I have bought a new Cabinet fan.... now while installing the fan into my cabinet i cant figure it out which way to put the fan i mean which way the air should go...

1. whether the fan should pull the air out of the cabinet??

2. or the fan should push air inside the cabinet??

pls help me out....

thnx


----------



## grinning_devil (Apr 7, 2005)

ideally there shud be 2 fans...

one at the front bottom part of the cabinet to "suck in" the air...

and other at top back panel of cabinet to "throw" the air out ...

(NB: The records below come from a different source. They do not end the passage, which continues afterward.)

(* Let $\mathbb{L}=(\mathcal{P},\mathcal{C},\parallel)$ be a Laguerre plane satisfying axioms (C) and (S). Then $\mathbb{L}$ satisfies the following condition $(\Pi)$: let $a,b,c,x$ be pairwise non-parallel points with $x\notin(a,b,c)^{\circ}$, and let $p,q$ be points such that $p\parallel c$, $p\in(a,b,x)^{\circ}$, $q\parallel b$, $q\in(a,c,x)^{\circ}$; if $K$ is a circle containing $x$ which is tangent to $(a,b,c)^{\circ}$ at $a$, then $K\cap(p,q,x)^{\circ}=\{x\}$.
   Context: A Laguerre plane is a triple $(\mathcal{P},\mathcal{C},\parallel)$ where $\mathcal{P}$ is a set of points, $\mathcal{C}\subset 2^{\mathcal{P}}$ a set of circles and $\parallel$ an equivalence relation on $\mathcal{P}$ (parallelism; its classes are called generators) such that: (1) any three pairwise non-parallel points $a,b,c$ lie on a unique circle, denoted $(a,b,c)^{\circ}$; (2) for every circle $K$ and non-parallel points $p\in K$, $q\notin K$ there is exactly one circle $L$ with $q\in L$ and $K\cap L=\{p\}$; (3) for every point $p$ and circle $K$ there is exactly one point $q\in K$ with $q\parallel p$; (4) some circle contains at least three but not all points. Circles $K,L$ are tangent at $p$ if $K\cap L=\{p\}$ or $K=L$ (with $p\in K$). For $p\in K$, $\langle p,K\rangle$ denotes the set of circles tangent to $K$ at $p$. Axiom (C): for any circles $K,L$ and any point $p\in K\setminus L$ there exists exactly one circle $M\in\langle p,K\rangle$ with $|M\cap L|=1$. Axiom (S): if $K,L,M,N$ are circles and $a,b,c,d$ points with $K\cap L=\{a\}$, $L\cap M=\{b\}$, $M\cap N=\{c\}$, $N\cap K=\{d\}$ and $a\nparallel c$, then there is a circle containing $a,b,c,d$. *)

(* Laguerre planes: points of type P, circles are subsets of P
   (predicates P -> Prop) singled out by the predicate C, parallelism par. *)

Section LaguerreDefs.
Variable P : Type.
Variable C : (P -> Prop) -> Prop.
Variable par : P -> P -> Prop.

Definition meet_only (K L : P -> Prop) (p : P) : Prop :=
  forall z, (K z /\ L z) <-> z = p.

Definition tangent (K L : P -> Prop) (p : P) : Prop :=
  K p /\ (meet_only K L p \/ K = L).

Definition pencil (p : P) (K : P -> Prop) (M : P -> Prop) : Prop :=
  C M /\ tangent K M p.

(* M is "the" circle (a,b,c)° (unique by axiom (1) when a,b,c pairwise non-parallel) *)
Definition circ3 (a b c : P) (M : P -> Prop) : Prop :=
  C M /\ M a /\ M b /\ M c.

Record laguerre_plane : Prop := {
  par_refl : forall x, par x x;
  par_sym : forall x y, par x y -> par y x;
  par_trans : forall x y z, par x y -> par y z -> par x z;
  lag_ax1 : forall a b c, ~ par a b -> ~ par a c -> ~ par b c ->
      exists K, circ3 a b c K /\ forall K', circ3 a b c K' -> K' = K;
  lag_ax2 : forall K p q, C K -> K p -> ~ K q -> ~ par p q ->
      exists L, (C L /\ L q /\ meet_only K L p) /\
        forall L', (C L' /\ L' q /\ meet_only K L' p) -> L' = L;
  lag_ax3 : forall p K, C K ->
      exists q, (K q /\ par q p) /\ forall q', (K q' /\ par q' p) -> q' = q;
  lag_ax4 : exists K, C K /\
      (exists a b c, a <> b /\ a <> c /\ b <> c /\ K a /\ K b /\ K c) /\
      (exists z, ~ K z)
}.

Definition meet_one (M L : P -> Prop) : Prop :=
  exists z, (M z /\ L z) /\ forall z', (M z' /\ L z') -> z' = z.

Definition axiom_C : Prop :=
  forall K L p, C K -> C L -> K p -> ~ L p ->
    exists M, (pencil p K M /\ meet_one M L) /\
      forall M', (pencil p K M' /\ meet_one M' L) -> M' = M.

Definition axiom_S : Prop :=
  forall K L M N a b c d, C K -> C L -> C M -> C N ->
    meet_only K L a -> meet_only L M b -> meet_only M N c -> meet_only N K d ->
    ~ par a c ->
    exists Z, C Z /\ Z a /\ Z b /\ Z c /\ Z d.

End LaguerreDefs.

(* Let N be the circle through p touching K at x.  By axiom (C) there is a
   circle touching (a,b,c)° at b and touching N; axiom (S), applied to the
   cycle (a,b,c)°, that circle, N, K, puts its contact point with N on
   (a,b,x)°, so this contact point is p.  Likewise the circle touching (a,b,c)°
   at c touches N at a point z of (a,c,x)°, and (S) applied to the cycle
   (a,b,c)°, the two auxiliary circles, N forces z ∥ b, because p ∥ c and
   p <> c.  Hence z = q, so N = (p,q,x)°, and N touches K at x. *)

From Stdlib Require Import Classical.

Section LaguerrePlane.

Variables (P : Type) (C : (P -> Prop) -> Prop) (par : P -> P -> Prop).
Hypothesis HL : laguerre_plane P C par.

Lemma meet_only_sym (K L : P -> Prop) z : meet_only P K L z -> meet_only P L K z.
Proof. intros H w; rewrite <- (H w); tauto. Qed.

Lemma meet_only_at (K L : P -> Prop) z : meet_only P K L z -> K z /\ L z.
Proof. intro H; apply H; reflexivity. Qed.

Lemma meet_only_eq (K L : P -> Prop) z y : meet_only P K L z -> K y -> L y -> y = z.
Proof. intros H Ky Ly; apply H; auto. Qed.

Lemma meet_oneP (M L : P -> Prop) : meet_one P M L <-> exists z, meet_only P M L z.
Proof.
  split.
  - intros [z [Hz Huniq]]; exists z; intro w; split; [apply Huniq | intros ->; exact Hz].
  - intros [z Hz]; exists z; split; [apply Hz; reflexivity | intros w Hw; apply Hz, Hw].
Qed.

Lemma npar_sym u v : ~ par u v -> ~ par v u.
Proof. intros uv vu; exact (uv (par_sym _ _ _ HL _ _ vu)). Qed.

Lemma neq_of_npar u v : ~ par u v -> u <> v.
Proof. intros uv e; apply uv; rewrite e; apply (par_refl _ _ _ HL). Qed.

Local Hint Resolve npar_sym neq_of_npar : core.

Lemma on_circle_par_eq K u v : C K -> K u -> K v -> par u v -> u = v.
Proof.
  intros CK Ku Kv uv.
  destruct (lag_ax3 _ _ _ HL v K CK) as [w [_ Hw]].
  rewrite (Hw u (conj Ku uv)), (Hw v (conj Kv (par_refl _ _ _ HL v))).
  reflexivity.
Qed.

Lemma circ3_unique a b c K1 K2 : ~ par a b -> ~ par a c -> ~ par b c ->
  circ3 P C a b c K1 -> circ3 P C a b c K2 -> K1 = K2.
Proof.
  intros ab ac bc H1 H2.
  destruct (lag_ax1 _ _ _ HL a b c ab ac bc) as [K [_ HK]].
  rewrite (HK K1), (HK K2); auto.
Qed.

Lemma eq_circle_of_three_points K1 K2 u v w : C K1 -> C K2 ->
  K1 u -> K1 v -> K1 w -> K2 u -> K2 v -> K2 w -> u <> v -> u <> w -> v <> w ->
  K1 = K2.
Proof.
  intros C1 C2 K1u K1v K1w K2u K2v K2w uv uw vw.
  assert (npar : forall s t, K1 s -> K1 t -> s <> t -> ~ par s t)
    by (intros s t Ks Kt st st'; exact (st (on_circle_par_eq K1 s t C1 Ks Kt st'))).
  apply (circ3_unique u v w); auto; repeat split; auto.
Qed.

Lemma touching_circle_unique N K1 K2 x y : C N -> N x -> ~ N y -> ~ par x y ->
  C K1 -> K1 y -> meet_only P N K1 x -> C K2 -> K2 y -> meet_only P N K2 x -> K1 = K2.
Proof.
  intros CN Nx Ny xy C1 K1y NK1 C2 K2y NK2.
  destruct (lag_ax2 _ _ _ HL N x y CN Nx Ny xy) as [M [_ HM]].
  rewrite (HM K1), (HM K2); auto.
Qed.

Lemma tangent_of_touching_same_point N K M x : C N -> C K -> C M ->
  meet_only P K N x -> meet_only P M N x -> K = M \/ meet_only P K M x.
Proof.
  intros CN CK CM KN MN.
  destruct (classic (K = M)) as [KM | KM]; [now left | right].
  destruct (meet_only_at _ _ _ KN) as [Kx Nx].
  destruct (meet_only_at _ _ _ MN) as [Mx _].
  intro y; split; [| intros ->; auto].
  intros [Ky My]; destruct (classic (y = x)) as [yx | yx]; [exact yx | exfalso].
  apply KM, (touching_circle_unique N K M x y); auto using meet_only_sym.
  - intro Ny; exact (yx (meet_only_eq _ _ _ _ KN Ky Ny)).
  - intro xy; exact (yx (eq_sym (on_circle_par_eq K x y CK Kx Ky xy))).
Qed.

Hypothesis HC : axiom_C P C.

(* Uniqueness in axiom (C): [K] and [O] both lie in the pencil <a, O> and both
   meet [L] exactly once. *)
Lemma tangent_circles_touching_eq O K L a y z : C O -> C K -> C L ->
  meet_only P O K a -> ~ L a -> meet_only P O L y -> meet_only P K L z -> K = O.
Proof.
  intros CO CK CL OK La OL KL.
  destruct (meet_only_at _ _ _ OK) as [Oa _].
  destruct (HC O L a CO CL Oa La) as [M [_ HM]].
  rewrite (HM K), (HM O); [reflexivity | |].
  - split; [split; [exact CO | split; [exact Oa | now right]] | apply meet_oneP; eauto].
  - split; [split; [exact CK | split; [exact Oa | now left]] | apply meet_oneP; eauto].
Qed.

Lemma exists_touching_circle O N u : C O -> C N -> O u -> ~ N u ->
  (forall y, ~ meet_only P O N y) ->
  exists M w, C M /\ meet_only P O M u /\ meet_only P M N w.
Proof.
  intros CO CN Ou Nu ON.
  destruct (HC O N u CO CN Ou Nu) as [M [[[CM [_ OM]] MN] _]].
  apply meet_oneP in MN as [w MN].
  destruct OM as [OM | <-]; [now exists M, w | exfalso; exact (ON w MN)].
Qed.

Lemma touching_point_neq O K M N a x u w : C O -> C K -> C M -> C N ->
  meet_only P O K a -> meet_only P K N x -> ~ O x ->
  meet_only P O M u -> u <> a -> meet_only P M N w -> w <> x.
Proof.
  intros CO CK CM CN OK KN Ox OM ua MN ->.
  destruct (meet_only_at _ _ _ OM) as [Ou Mu].
  destruct (tangent_of_touching_same_point N K M x CN CK CM KN MN) as [<- | KM].
  - exact (ua (meet_only_eq _ _ _ _ OK Ou Mu)).
  - assert (Ma : ~ M a).
    { intro Ma; apply ua, eq_sym, (meet_only_eq _ _ _ _ OM); auto.
      exact (proj1 (meet_only_at _ _ _ OK)). }
    apply Ox; rewrite <- (tangent_circles_touching_eq O K M a u x); auto.
    exact (proj1 (meet_only_at _ _ _ KN)).
Qed.

Hypothesis HS : axiom_S P C par.

Lemma touching_chain_concyclic K L M N a b c d Z : C K -> C L -> C M -> C N ->
  meet_only P K L a -> meet_only P L M b -> meet_only P M N c -> meet_only P N K d ->
  ~ par a c -> ~ par a d -> ~ par c d -> C Z -> Z a -> Z c -> Z d -> Z b.
Proof.
  intros CK CL CM CN KL LM MN NK ac ad cd CZ Za Zc Zd.
  destruct (HS K L M N a b c d CK CL CM CN KL LM MN NK ac) as [Z' [CZ' [Z'a [Z'b [Z'c Z'd]]]]].
  replace Z with Z'; [exact Z'b |].
  apply (circ3_unique a c d); repeat split; auto.
Qed.

Lemma touching_chain_par K L M N a b c d : C K -> C L -> C M -> C N ->
  meet_only P K L a -> meet_only P L M b -> meet_only P M N c -> meet_only P N K d ->
  par b d -> b <> d -> par a c.
Proof.
  intros CK CL CM CN KL LM MN NK bd b_d.
  apply NNPP; intro ac.
  destruct (HS K L M N a b c d CK CL CM CN KL LM MN NK ac) as [Z [CZ [_ [Zb [_ Zd]]]]].
  exact (b_d (on_circle_par_eq Z b d CZ Zb Zd bd)).
Qed.

Section Configuration.

Variables (a b c x p q : P) (Kabc Kabx Kacx Kpqx K : P -> Prop).
Hypotheses (nab : ~ par a b) (nac : ~ par a c) (nax : ~ par a x)
  (nbc : ~ par b c) (nbx : ~ par b x) (ncx : ~ par c x).
Hypotheses (Habc : circ3 P C a b c Kabc) (Kabc_x : ~ Kabc x)
  (Habx : circ3 P C a b x Kabx) (Hacx : circ3 P C a c x Kacx)
  (pc : par p c) (Kabx_p : Kabx p) (qb : par q b) (Kacx_q : Kacx q)
  (Hpqx : circ3 P C p q x Kpqx).
Hypotheses (CK : C K) (Kx : K x) (Kabc_K : meet_only P Kabc K a).

Let K_a : K a := proj2 (meet_only_at _ _ _ Kabc_K).

Let npar_a_p : ~ par a p.
Proof. intro H; exact (nac (par_trans _ _ _ HL _ _ _ H pc)). Qed.

Let npar_b_p : ~ par b p.
Proof. intro H; exact (nbc (par_trans _ _ _ HL _ _ _ H pc)). Qed.

Let npar_x_p : ~ par x p.
Proof.
  intro H; apply ncx, (par_sym _ _ _ HL).
  exact (par_trans _ _ _ HL _ _ _ H pc).
Qed.

Let npar_p_q : ~ par p q.
Proof.
  intro H; apply nbc, (par_trans _ _ _ HL _ q); [exact (par_sym _ _ _ HL _ _ qb) |].
  exact (par_trans _ _ _ HL _ _ _ (par_sym _ _ _ HL _ _ H) pc).
Qed.

Let npar_q_x : ~ par q x.
Proof. intro H; exact (nbx (par_trans _ _ _ HL _ _ _ (par_sym _ _ _ HL _ _ qb) H)). Qed.

Lemma p_notin_K : ~ K p.
Proof.
  intro Kp.
  pose proof Habx as (CKabx & Kabx_a & Kabx_b & Kabx_x).
  pose proof Habc as (_ & _ & Kabc_b & _).
  assert (K = Kabx) as KE by (apply (circ3_unique a x p); auto; repeat split; auto).
  assert (K_b : K b) by (rewrite KE; exact Kabx_b).
  exact (neq_of_npar a b nab (eq_sym (meet_only_eq _ _ _ _ Kabc_K Kabc_b K_b))).
Qed.

Lemma touching_circle_at_x_through_p : exists N, C N /\ N p /\ meet_only P K N x.
Proof.
  destruct (lag_ax2 _ _ _ HL K x p CK Kx p_notin_K npar_x_p) as [N [HN _]].
  now exists N.
Qed.

Lemma c_neq_p : c <> p.
Proof.
  intro e.
  pose proof Habx as (CKabx & Kabx_a & Kabx_b & Kabx_x).
  assert (Kabx_c : Kabx c) by (rewrite e; exact Kabx_p).
  apply Kabc_x.
  replace Kabc with Kabx; [exact Kabx_x |].
  apply (circ3_unique a b c); auto; repeat split; auto.
Qed.

Variable N : P -> Prop.
Hypotheses (CN : C N) (Np : N p) (K_N : meet_only P K N x).

Let N_x : N x := proj2 (meet_only_at _ _ _ K_N).

Lemma a_notin_N : ~ N a.
Proof. intro Na; exact (neq_of_npar a x nax (meet_only_eq _ _ _ _ K_N K_a Na)). Qed.

Lemma b_notin_N : ~ N b.
Proof.
  intro Nb; apply a_notin_N.
  pose proof Habx as (CKabx & Kabx_a & Kabx_b & Kabx_x).
  replace N with Kabx; [exact Kabx_a |].
  apply (circ3_unique b x p); auto; repeat split; auto.
Qed.

Lemma c_notin_N : ~ N c.
Proof.
  intro Nc; apply c_neq_p.
  exact (on_circle_par_eq N c p CN Nc Np (par_sym _ _ _ HL _ _ pc)).
Qed.

Lemma Kabc_not_touching_N y : ~ meet_only P Kabc N y.
Proof.
  intro Kabc_N; apply Kabc_x.
  rewrite <- (tangent_circles_touching_eq Kabc K N a y x); auto.
  - exact (proj1 Habc).
  - exact a_notin_N.
Qed.

Lemma touching_at_b_eq_p M w : C M -> meet_only P Kabc M b -> meet_only P M N w -> w = p.
Proof.
  intros CM Kabc_M M_N.
  pose proof Habc as (CKabc & _ & _ & _).
  pose proof Habx as (CKabx & Kabx_a & Kabx_b & Kabx_x).
  destruct (meet_only_at _ _ _ M_N) as [_ N_w].
  assert (w_x : w <> x).
  { apply (touching_point_neq Kabc K M N a x b w); auto. }
  assert (Kabx_w : Kabx w).
  { apply (touching_chain_concyclic Kabc M N K b w x a Kabx); auto using meet_only_sym. }
  destruct (classic (w = p)) as [w_p | w_p]; [exact w_p | exfalso].
  apply b_notin_N.
  replace N with Kabx; [exact Kabx_b |].
  apply (eq_circle_of_three_points Kabx N w x p); auto.
Qed.

Lemma touching_at_c_eq_q M z : C M -> meet_only P Kabc M c -> meet_only P M N z -> z = q.
Proof.
  intros CM Kabc_M M_N.
  pose proof Habc as (CKabc & _ & Kabc_b & _).
  pose proof Hacx as (CKacx & Kacx_a & Kacx_c & Kacx_x).
  destruct (exists_touching_circle Kabc N b CKabc CN Kabc_b b_notin_N Kabc_not_touching_N)
    as (M' & w & CM' & Kabc_M' & M'_N).
  rewrite (touching_at_b_eq_p M' w CM' Kabc_M' M'_N) in M'_N.
  assert (b_z : par b z).
  { apply (touching_chain_par Kabc M' N M b p z c); auto using meet_only_sym.
    intro e; exact (c_neq_p (eq_sym e)). }
  assert (Kacx_z : Kacx z).
  { apply (touching_chain_concyclic Kabc M N K c z x a Kacx); auto using meet_only_sym. }
  apply (on_circle_par_eq Kacx); auto.
  exact (par_trans _ _ _ HL _ _ _ (par_sym _ _ _ HL _ _ b_z) (par_sym _ _ _ HL _ _ qb)).
Qed.

Lemma Kpqx_eq_N : Kpqx = N.
Proof.
  pose proof Habc as (CKabc & _ & _ & Kabc_c).
  destruct (exists_touching_circle Kabc N c CKabc CN Kabc_c c_notin_N Kabc_not_touching_N)
    as (M & z & CM & Kabc_M & M_N).
  pose proof (touching_at_c_eq_q M z CM Kabc_M M_N) as zq.
  destruct (meet_only_at _ _ _ M_N) as [_ N_z].
  rewrite zq in N_z.
  apply (circ3_unique p q x); auto; repeat split; auto.
Qed.

End Configuration.

End LaguerrePlane.

Theorem theorem2p1 (P : Type) (C : (P -> Prop) -> Prop) (par : P -> P -> Prop) :
  laguerre_plane P C par -> axiom_C P C -> axiom_S P C par ->
  forall (a b c x p q : P) (Kabc Kabx Kacx Kpqx K : P -> Prop),
    ~ par a b -> ~ par a c -> ~ par a x -> ~ par b c -> ~ par b x -> ~ par c x ->
    circ3 P C a b c Kabc -> ~ Kabc x ->
    circ3 P C a b x Kabx -> circ3 P C a c x Kacx ->
    par p c -> Kabx p -> par q b -> Kacx q ->
    circ3 P C p q x Kpqx ->
    C K -> K x -> tangent P Kabc K a ->
    meet_only P K Kpqx x.
Proof.
  intros HL HC HS a b c x p q Kabc Kabx Kacx Kpqx K nab nac nax nbc nbx ncx
    Habc Kabc_x Habx Hacx pc Kabx_p qb Kacx_q Hpqx CK Kx K_tangent.
  assert (Kabc_K : meet_only P Kabc K a).
  { destruct K_tangent as [_ [Kabc_K | <-]]; [exact Kabc_K | contradiction]. }
  destruct (touching_circle_at_x_through_p P C par HL a b c x p Kabc Kabx K
    nab nac nax ncx Habc Habx pc Kabx_p CK Kx Kabc_K) as (N & CN & Np & K_N).
  rewrite (Kpqx_eq_N P C par HL HC HS a b c x p q Kabc Kabx Kacx Kpqx K
    nab nac nax nbc nbx ncx Habc Kabc_x Habx Hacx pc Kabx_p qb Kacx_q Hpqx
    CK Kx Kabc_K N CN Np K_N).
  exact K_N.
Qed.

now choose where shud u put it...  :roll: 

if u already have a fan at the back of tha cabinet thats working,apart frm 
SMPS fan,then install the new one on the front bottom side...


----------



## Choto Cheeta (Apr 7, 2005)

my cabinet doesnt have 2 port or place to put 2 fans..... so i gues i dont want to suck dust in... so i think i should chose the 1st option....


----------



## pradeep_chauhan (Apr 8, 2005)

The flow of air should be in a manner that cool air enters the bottom of the box passes over the CPu + VGA + HDD and is expelled by the exaust fan. So there must be a fan at the bottom preferably at the front to suck in air, also this fan will reduce the dust buildup in the box as there is a central air entry point to the box which can be covered with a filter. So if the box has no hole go get one made I did this it costs Rs 10/- only and results in a temp drop of about 3-5 C


----------



## krishnathelord (Apr 8, 2005)

saurav_cheeta said:
			
		

> my cabinet doesnt have 2 port or place to put 2 fans..... so i gues i dont want to suck dust in... so i think i should chose the 1st option....


selected the correct option as it asures a flow of air in the cabinet


----------



## techno_funky (Apr 8, 2005)

*img170.exs.cx/img170/960/airintake8ug.jpg

ideally this is the way your cabinet fans need to be setup 
one fans blows air into the cabinet and other pulls out the hot air out of the cabinet 
hope you get it
p.s:-what lovely graphics i make na


----------



## Naga (Apr 8, 2005)

Thank god, we don't need 2 read ur posts in your handwriting


----------



## grinning_devil (Apr 8, 2005)

techno_funky said:
			
		

> p.s:-what lovely graphics i make na



     
thats the cleanest,meaningfull,lovely,cursive,easy to read and strainfree
handwriting iam seeing....!!!!!!


----------



## Choto Cheeta (Apr 8, 2005)

grinning_devil said:
			
		

> techno_funky said:
> 
> 
> 
> ...



yup.... one more vote....

but u know... my cbnet doesnt has that front soket for the air pushing fan.... so i thought pulling air would be a good idia....


----------



## Choto Cheeta (Apr 8, 2005)

one other thing that i want to know that is about the box, @pradeep_chauhan maintioned to prevent dust.... *dust is a big issue*..... just cant find any way to prevent it to entering in the cabinet....


----------



## grinning_devil (Apr 9, 2005)

yup ur rite saurav_cheeta, u cant prevent dust frm entering the cabinet,
though u can regularly vaccum it,just dont try any cloth etc...u can try out with a paint brush...!!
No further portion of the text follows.